Dataset extract: Begin

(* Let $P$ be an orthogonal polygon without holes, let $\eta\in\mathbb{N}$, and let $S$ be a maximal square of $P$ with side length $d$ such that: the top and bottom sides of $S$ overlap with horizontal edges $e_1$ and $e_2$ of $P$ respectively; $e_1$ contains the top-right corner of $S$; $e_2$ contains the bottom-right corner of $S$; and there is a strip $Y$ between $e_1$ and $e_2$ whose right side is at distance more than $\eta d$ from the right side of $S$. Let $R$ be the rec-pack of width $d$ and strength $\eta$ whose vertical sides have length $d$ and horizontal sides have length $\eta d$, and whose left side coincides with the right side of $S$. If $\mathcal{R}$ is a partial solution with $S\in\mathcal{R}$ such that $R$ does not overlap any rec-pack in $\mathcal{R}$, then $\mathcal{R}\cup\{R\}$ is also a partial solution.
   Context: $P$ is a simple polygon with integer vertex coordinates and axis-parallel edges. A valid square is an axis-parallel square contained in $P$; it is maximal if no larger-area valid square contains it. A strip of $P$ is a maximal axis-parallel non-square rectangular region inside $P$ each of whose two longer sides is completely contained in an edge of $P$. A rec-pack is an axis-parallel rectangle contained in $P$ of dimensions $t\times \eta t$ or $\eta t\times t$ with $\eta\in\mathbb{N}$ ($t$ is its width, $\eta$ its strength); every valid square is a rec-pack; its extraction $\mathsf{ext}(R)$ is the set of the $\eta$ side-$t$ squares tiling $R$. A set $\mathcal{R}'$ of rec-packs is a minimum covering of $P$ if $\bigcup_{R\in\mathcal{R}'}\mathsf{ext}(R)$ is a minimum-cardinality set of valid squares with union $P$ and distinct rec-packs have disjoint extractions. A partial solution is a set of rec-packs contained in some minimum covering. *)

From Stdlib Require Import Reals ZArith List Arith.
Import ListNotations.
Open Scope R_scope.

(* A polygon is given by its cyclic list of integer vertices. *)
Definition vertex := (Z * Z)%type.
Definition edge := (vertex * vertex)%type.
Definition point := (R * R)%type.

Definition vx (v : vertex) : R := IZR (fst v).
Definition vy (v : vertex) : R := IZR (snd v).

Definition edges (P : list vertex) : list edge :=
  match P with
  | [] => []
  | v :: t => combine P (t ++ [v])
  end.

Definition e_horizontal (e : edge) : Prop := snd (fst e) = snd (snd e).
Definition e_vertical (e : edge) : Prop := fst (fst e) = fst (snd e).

Dataset extract: End
Dataset extract: Begin

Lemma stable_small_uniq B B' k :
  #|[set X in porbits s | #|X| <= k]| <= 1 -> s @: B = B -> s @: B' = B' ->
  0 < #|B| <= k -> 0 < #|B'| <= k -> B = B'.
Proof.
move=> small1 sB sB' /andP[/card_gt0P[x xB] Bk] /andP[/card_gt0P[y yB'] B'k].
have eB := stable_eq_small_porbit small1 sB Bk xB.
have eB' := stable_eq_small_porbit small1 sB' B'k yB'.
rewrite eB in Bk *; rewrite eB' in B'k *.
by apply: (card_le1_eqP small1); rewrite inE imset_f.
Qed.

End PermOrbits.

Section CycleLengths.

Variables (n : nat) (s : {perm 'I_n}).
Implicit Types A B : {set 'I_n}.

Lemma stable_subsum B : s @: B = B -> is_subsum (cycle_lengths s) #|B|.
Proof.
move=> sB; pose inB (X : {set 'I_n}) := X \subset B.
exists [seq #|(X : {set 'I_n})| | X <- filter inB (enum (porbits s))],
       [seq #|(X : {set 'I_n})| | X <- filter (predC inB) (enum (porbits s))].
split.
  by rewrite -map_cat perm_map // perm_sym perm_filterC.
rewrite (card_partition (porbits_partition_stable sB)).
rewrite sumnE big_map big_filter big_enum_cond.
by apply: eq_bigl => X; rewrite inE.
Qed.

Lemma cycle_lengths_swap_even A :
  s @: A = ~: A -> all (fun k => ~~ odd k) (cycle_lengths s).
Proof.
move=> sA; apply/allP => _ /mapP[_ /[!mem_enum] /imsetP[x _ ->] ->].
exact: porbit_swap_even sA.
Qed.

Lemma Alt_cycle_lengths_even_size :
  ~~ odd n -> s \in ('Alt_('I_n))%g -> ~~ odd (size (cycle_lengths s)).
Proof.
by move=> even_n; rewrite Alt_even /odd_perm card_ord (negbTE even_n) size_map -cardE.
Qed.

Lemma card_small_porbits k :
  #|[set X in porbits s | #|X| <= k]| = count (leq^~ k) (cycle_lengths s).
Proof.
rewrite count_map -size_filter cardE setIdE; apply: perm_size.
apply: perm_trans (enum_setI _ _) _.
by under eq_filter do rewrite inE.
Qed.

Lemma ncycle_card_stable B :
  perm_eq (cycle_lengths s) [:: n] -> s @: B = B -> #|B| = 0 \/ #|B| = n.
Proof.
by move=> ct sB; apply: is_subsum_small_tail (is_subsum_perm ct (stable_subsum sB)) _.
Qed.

Dataset extract: End

— Exercise prompt —
Out of the entries, report each line that contains the word "mathcal".

— Solution to this exercise —
(* Let $P$ be an orthogonal polygon without holes, let $\eta\in\mathbb{N}$, and let $S$ be a maximal square of $P$ with side length $d$ such that: the top and bottom sides of $S$ overlap with horizontal edges $e_1$ and $e_2$ of $P$ respectively; $e_1$ contains the top-right corner of $S$; $e_2$ contains the bottom-right corner of $S$; and there is a strip $Y$ between $e_1$ and $e_2$ whose right side is at distance more than $\eta d$ from the right side of $S$. Let $R$ be the rec-pack of width $d$ and strength $\eta$ whose vertical sides have length $d$ and horizontal sides have length $\eta d$, and whose left side coincides with the right side of $S$. If $\mathcal{R}$ is a partial solution with $S\in\mathcal{R}$ such that $R$ does not overlap any rec-pack in $\mathcal{R}$, then $\mathcal{R}\cup\{R\}$ is also a partial solution.
   Context: $P$ is a simple polygon with integer vertex coordinates and axis-parallel edges. A valid square is an axis-parallel square contained in $P$; it is maximal if no larger-area valid square contains it. A strip of $P$ is a maximal axis-parallel non-square rectangular region inside $P$ each of whose two longer sides is completely contained in an edge of $P$. A rec-pack is an axis-parallel rectangle contained in $P$ of dimensions $t\times \eta t$ or $\eta t\times t$ with $\eta\in\mathbb{N}$ ($t$ is its width, $\eta$ its strength); every valid square is a rec-pack; its extraction $\mathsf{ext}(R)$ is the set of the $\eta$ side-$t$ squares tiling $R$. A set $\mathcal{R}'$ of rec-packs is a minimum covering of $P$ if $\bigcup_{R\in\mathcal{R}'}\mathsf{ext}(R)$ is a minimum-cardinality set of valid squares with union $P$ and distinct rec-packs have disjoint extractions. A partial solution is a set of rec-packs contained in some minimum covering. *)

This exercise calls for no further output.